■ REQUIRED ACTION:
Would you find each line in the entries below with the string "Hpiter" and copy it?

:::

Lemma universal_edge A B a b (e : E B A) :
  universal A a -> universal B b -> len b = S (len a) -> isotypic (vtx b (len a)) A.
Proof.
  intros Ha Hb Hlen.
  assert (Hae : terminal E a = initial E (edge_evolution A B e)) by apply Ha.
  set (c := concat a _ Hae).
  assert (Hc : full B c).
  { split; unfold c; [rewrite concat_initial; apply Ha | now rewrite concat_terminal]. }
  destruct (universal_through B b c (len a) Hb Hc ltac:(lia)) as [i [Hi [Hic Hiso]]].
  simpl in Hic. replace i with (len a) in Hiso by lia.
  unfold c in Hiso; simpl in Hiso. rewrite concat_vtx_l in Hiso by lia.
  now rewrite (universal_terminal _ a Ha) in Hiso.
Qed.

Context (HO : phylogenetic_quiver E).

Lemma universal_exists X : exists a, universal X a.
Proof. apply HO. Qed.

Lemma ancestor_height X Y m n : ancestor X Y -> height X m -> height Y n -> m <= n.
Proof.
  intros [c [<- <-]] HX. unfold terminal.
  assert (Hvtx : forall i, i <= len c -> forall k, height (vtx c i) k -> m <= k).
  { induction i as [|i IH]; intros Hi k Hk.
    - rewrite (height_unique _ _ _ HX Hk). lia.
    - destruct (proj1 HO _ _ (edg E c i ltac:(lia)) k Hk) as [k' [Hk' Hle]].
      specialize (IH ltac:(lia) k' Hk'). lia. }
  intros Hn. exact (Hvtx _ (le_n _) n Hn).
Qed.

Lemma isotypic_height X Y m n : isotypic X Y -> height X m -> height Y n -> m = n.
Proof.
  intros [HXY HYX] HX HY.
  pose proof (ancestor_height X Y m n HXY HX HY).
  pose proof (ancestor_height Y X n m HYX HY HX). lia.
Qed.

(* Embed [y] into [x] followed by an evolution from X to Y: the image of vertex [j]
   lies either on [x] or above X. *)
Lemma universal_ancestor_cases X Y x y j :
  ancestor X Y -> universal X x -> universal Y y -> j <= len x ->
  exists i, j <= i /\
    ((i <= len x /\ isotypic (vtx y j) (vtx x i)) \/ ancestor X (vtx y j)).
Proof.
  intros [g [Hg Hgt]] Hx Hy Hj.
  assert (Hxg : terminal E x = initial E g) by now rewrite Hg; apply Hx.
  set (c := concat x g Hxg).
  assert (Hc : full Y c).
  { split; unfold c; [rewrite concat_initial; apply Hx | now rewrite concat_terminal]. }
  assert (Hlen : len x <= len y).
  { eapply ancestor_height; [exists g; eauto | apply universal_height..]; eauto. }
  destruct (universal_through Y y c j Hy Hc ltac:(lia)) as [i [Hji [Hic Hiso]]].
  exists i. split; [exact Hji|].
  destruct (Nat.le_gt_cases i (len x)) as [Hi | Hi].
  - left. unfold c in Hiso; simpl in Hiso. now rewrite concat_vtx_l in Hiso.
  - right. apply ancestor_trans with (vtx c i); [|apply Hiso].
    replace X with (vtx c (len x)).
    + apply ancestor_vtx; simpl in *; lia.
    + unfold c; simpl. rewrite concat_vtx_l by lia. apply Hx.
Qed.

Lemma universal_ancestor_vtx X Y y m :
  ancestor X Y -> height X m -> universal Y y -> ancestor X (vtx y m).
Proof.
  intros HXY HX Hy. destruct (universal_exists X) as [x Hx].
  rewrite <- (universal_len X x m Hx HX).
  destruct (universal_ancestor_cases X Y x y (len x) HXY Hx Hy (le_n _))
    as [i [Hi [[Hix Hiso] | Hanc]]]; [|exact Hanc].
  replace i with (len x) in Hiso by lia.
  rewrite (universal_terminal X x Hx) in Hiso. apply Hiso.
Qed.

Lemma universal_ancestor_isotypic X Y x y j :
  ancestor X Y -> universal X x -> universal Y y -> j < len x ->
  isotypic (vtx x j) (vtx y j).
Proof.
  intros HXY Hx Hy Hj.
  assert (Hlen : len x <= len y).
  { eapply ancestor_height; [exact HXY | apply universal_height..]; eauto. }
  pose proof (universal_vtx_height Y y j Hy ltac:(lia)) as Hyj.
  destruct (universal_ancestor_cases X Y x y j HXY Hx Hy ltac:(lia))
    as [i [Hji [[Hix Hiso] | Hanc]]].
  - pose proof (universal_vtx_height X x i Hx Hix) as Hxi.
    rewrite <- (isotypic_height _ _ _ _ Hiso Hyj Hxi) in Hiso.
    now apply isotypic_sym.
  - pose proof (ancestor_height _ _ _ _ Hanc (universal_height X x Hx) Hyj). lia.
Qed.

Lemma universal_prefix X Y x y l :
  universal Y y -> l <= len y -> universal X x -> isotypic X (vtx y l) ->
  len x = l /\ forall j, j <= l -> isotypic (vtx x j) (vtx y j).
Proof.
  intros Hy Hl Hx HX.
  assert (Hlen : len x = l).
  { eapply isotypic_height;
      [exact HX | apply (universal_height X x Hx) | exact (universal_vtx_height Y y l Hy Hl)]. }
  split; [exact Hlen|]. intros j Hj.
  destruct (Nat.eq_dec j l) as [-> | Hjl].
  - rewrite <- Hlen at 1. now rewrite (universal_terminal X x Hx).
  - apply universal_ancestor_isotypic with X Y; auto; [|lia].
    apply ancestor_trans with (vtx y l); [apply HX | now apply universal_vtx_ancestor].
Qed.

Lemma universal_edge_isotypic A B A' B' b m (e : E B' A') :
  isotypic A' A -> isotypic B' B -> height A m -> universal B b -> len b = S m ->
  isotypic (vtx b m) A.
Proof.
  intros HA HB hA Hb Hlb.
  destruct (universal_exists A') as [a' Ha'].
  destruct (universal_exists B') as [b' Hb'].
  assert (Hla' : len a' = m) by exact (isotypic_height _ _ _ _ HA (universal_height _ _ Ha') hA).
  destruct (universal_prefix B' B b' b (len b) Hb (le_n _) Hb'
              ltac:(now rewrite (universal_terminal _ b Hb))) as [Hlb' Hiso].
  eapply isotypic_trans; [apply isotypic_sym, Hiso; lia|].
  rewrite <- Hla'. eapply isotypic_trans; [|exact HA].
  apply (universal_edge A' B' a' b' e); auto; lia.
Qed.

Lemma parent_isotypic B C b :
  parent E B C -> universal B b -> isotypic C (vtx b (len b - 1)).
Proof.
  intros [a [Ha [_ HC]]] Hb.
  destruct (universal_prefix B B a b (len b) Hb (le_n _) Ha
              ltac:(rewrite (universal_terminal _ b Hb); apply isotypic_refl)) as [Hab Hiso].
  rewrite <- Hab.
  eapply isotypic_trans; [apply isotypic_sym, HC | apply Hiso; lia].
Qed.

Lemma piter_isotypic k : forall B b C, universal B b -> k <= len b ->
  (piter E k B C <-> isotypic C (vtx b (len b - k))).
Proof.
  induction k as [|k IH]; intros B b C Hb Hk; simpl.
  - rewrite Nat.sub_0_r, (universal_terminal _ b Hb). split; apply isotypic_sym.
  - split.
    + intros [D [HD HDC]].
      pose proof (parent_isotypic B D b HD Hb) as HDb.
      destruct (universal_exists D) as [d Hd].
      destruct (universal_prefix D B d b (len b - 1) Hb ltac:(lia) Hd HDb) as [Hlen Hiso].
      apply (IH D d C Hd ltac:(lia)) in HDC.
      eapply isotypic_trans; [exact HDC|].
      replace (len b - S k) with (len d - k) by lia. apply Hiso. lia.
    + intros HC. exists (vtx b (len b - 1)). split.
      * apply universal_parent; auto; lia.
      * destruct (universal_exists (vtx b (len b - 1))) as [d Hd].
        destruct (universal_prefix _ B d b (len b - 1) Hb ltac:(lia) Hd
                    (isotypic_refl _)) as [Hlen Hiso].
        apply (IH _ d C Hd ltac:(lia)).
        eapply isotypic_trans; [exact HC|].
        replace (len b - S k) with (len d - k) by lia. apply isotypic_sym, Hiso. lia.
Qed.

End Phylogeny.

Theorem theorem7p1 (V : Type) (E : V -> V -> Type)
  (HO : phylogenetic_quiver E) (A B : V) (m n : nat)
  (hA : height E A m) (hB : height E B n) :
  (* (i) *)
  (ancestor E A B <->
     m <= n /\ exists C, piter E (n - m) B C /\ ancestor E A C) /\
  (* (ii) *)
  (m = 0 -> n = 0 -> (ancestor E A B <-> isotypic E A B)) /\
  (* (iii) *)
  (m = n -> 1 <= m -> ancestor E A B ->
     forall C D, parent E A C -> parent E B D -> isotypic E C D) /\
  (* (iv) *)
  (n = S m ->
     ((exists C, parent E B C /\ isotypic E C A) <->
      exists (A' B' : V) (_ : E B' A'), isotypic E A' A /\ isotypic E B' B)).
Proof.
  destruct (universal_exists HO A) as [a Ha].
  destruct (universal_exists HO B) as [b Hb].
  pose proof (universal_len A a m Ha hA) as Hla.
  pose proof (universal_len B b n Hb hB) as Hlb.
  assert (Hpiter : m <= n -> forall C, piter E (n - m) B C <-> isotypic E C (vtx E b m)).
  { intros Hmn C. replace m with (len E b - (n - m)) at 2 by lia.
    apply piter_isotypic; auto; lia. }
  split; [|split; [|split]].
  - split.
    + intros HAB. pose proof (ancestor_height HO A B m n HAB hA hB) as Hmn.
      split; [exact Hmn|].
      exists (vtx E b m). rewrite (Hpiter Hmn). split; [apply isotypic_refl|].
      exact (universal_ancestor_vtx HO A B b m HAB hA Hb).
    + intros [Hmn [C [HC HAC]]]. apply (Hpiter Hmn) in HC.
      apply ancestor_trans with C; [exact HAC|].
      apply ancestor_trans with (vtx E b m); [apply HC | apply universal_vtx_ancestor; auto; lia].
  - intros -> ->. split; [|now intros []].
    intros HAB. exact (height_0_primitive B hB A HAB).
  - intros <- Hm HAB C D HC HD.
    pose proof (parent_isotypic HO A C a HC Ha) as HCa.
    pose proof (parent_isotypic HO B D b HD Hb) as HDb.
    eapply isotypic_trans; [exact HCa|]. rewrite Hla, <- Hlb.
    eapply isotypic_trans; [|apply isotypic_sym; exact HDb].
    apply (universal_ancestor_isotypic HO A B a b); auto; lia.
  - intros ->. split.
    + intros [C [HC HCA]].
      destruct (parent_edge B C HC) as [C' [B' [e [HC' HB']]]].
      exists C', B', e. split; [eapply isotypic_trans; eauto | exact HB'].
    + intros [A' [B' [e [HA' HB']]]]. exists (vtx E b m). split.
      * replace m with (len E b - 1) by lia. apply universal_parent; auto; lia.
      * apply (universal_edge_isotypic HO A B A' B' b m e); auto.
Qed.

:::

■ COMPLETED TASK:
  assert (Hpiter : m <= n -> forall C, piter E (n - m) B C <-> isotypic E C (vtx E b m)).
      exists (vtx E b m). rewrite (Hpiter Hmn). split; [apply isotypic_refl|].
    + intros [Hmn [C [HC HAC]]]. apply (Hpiter Hmn) in HC.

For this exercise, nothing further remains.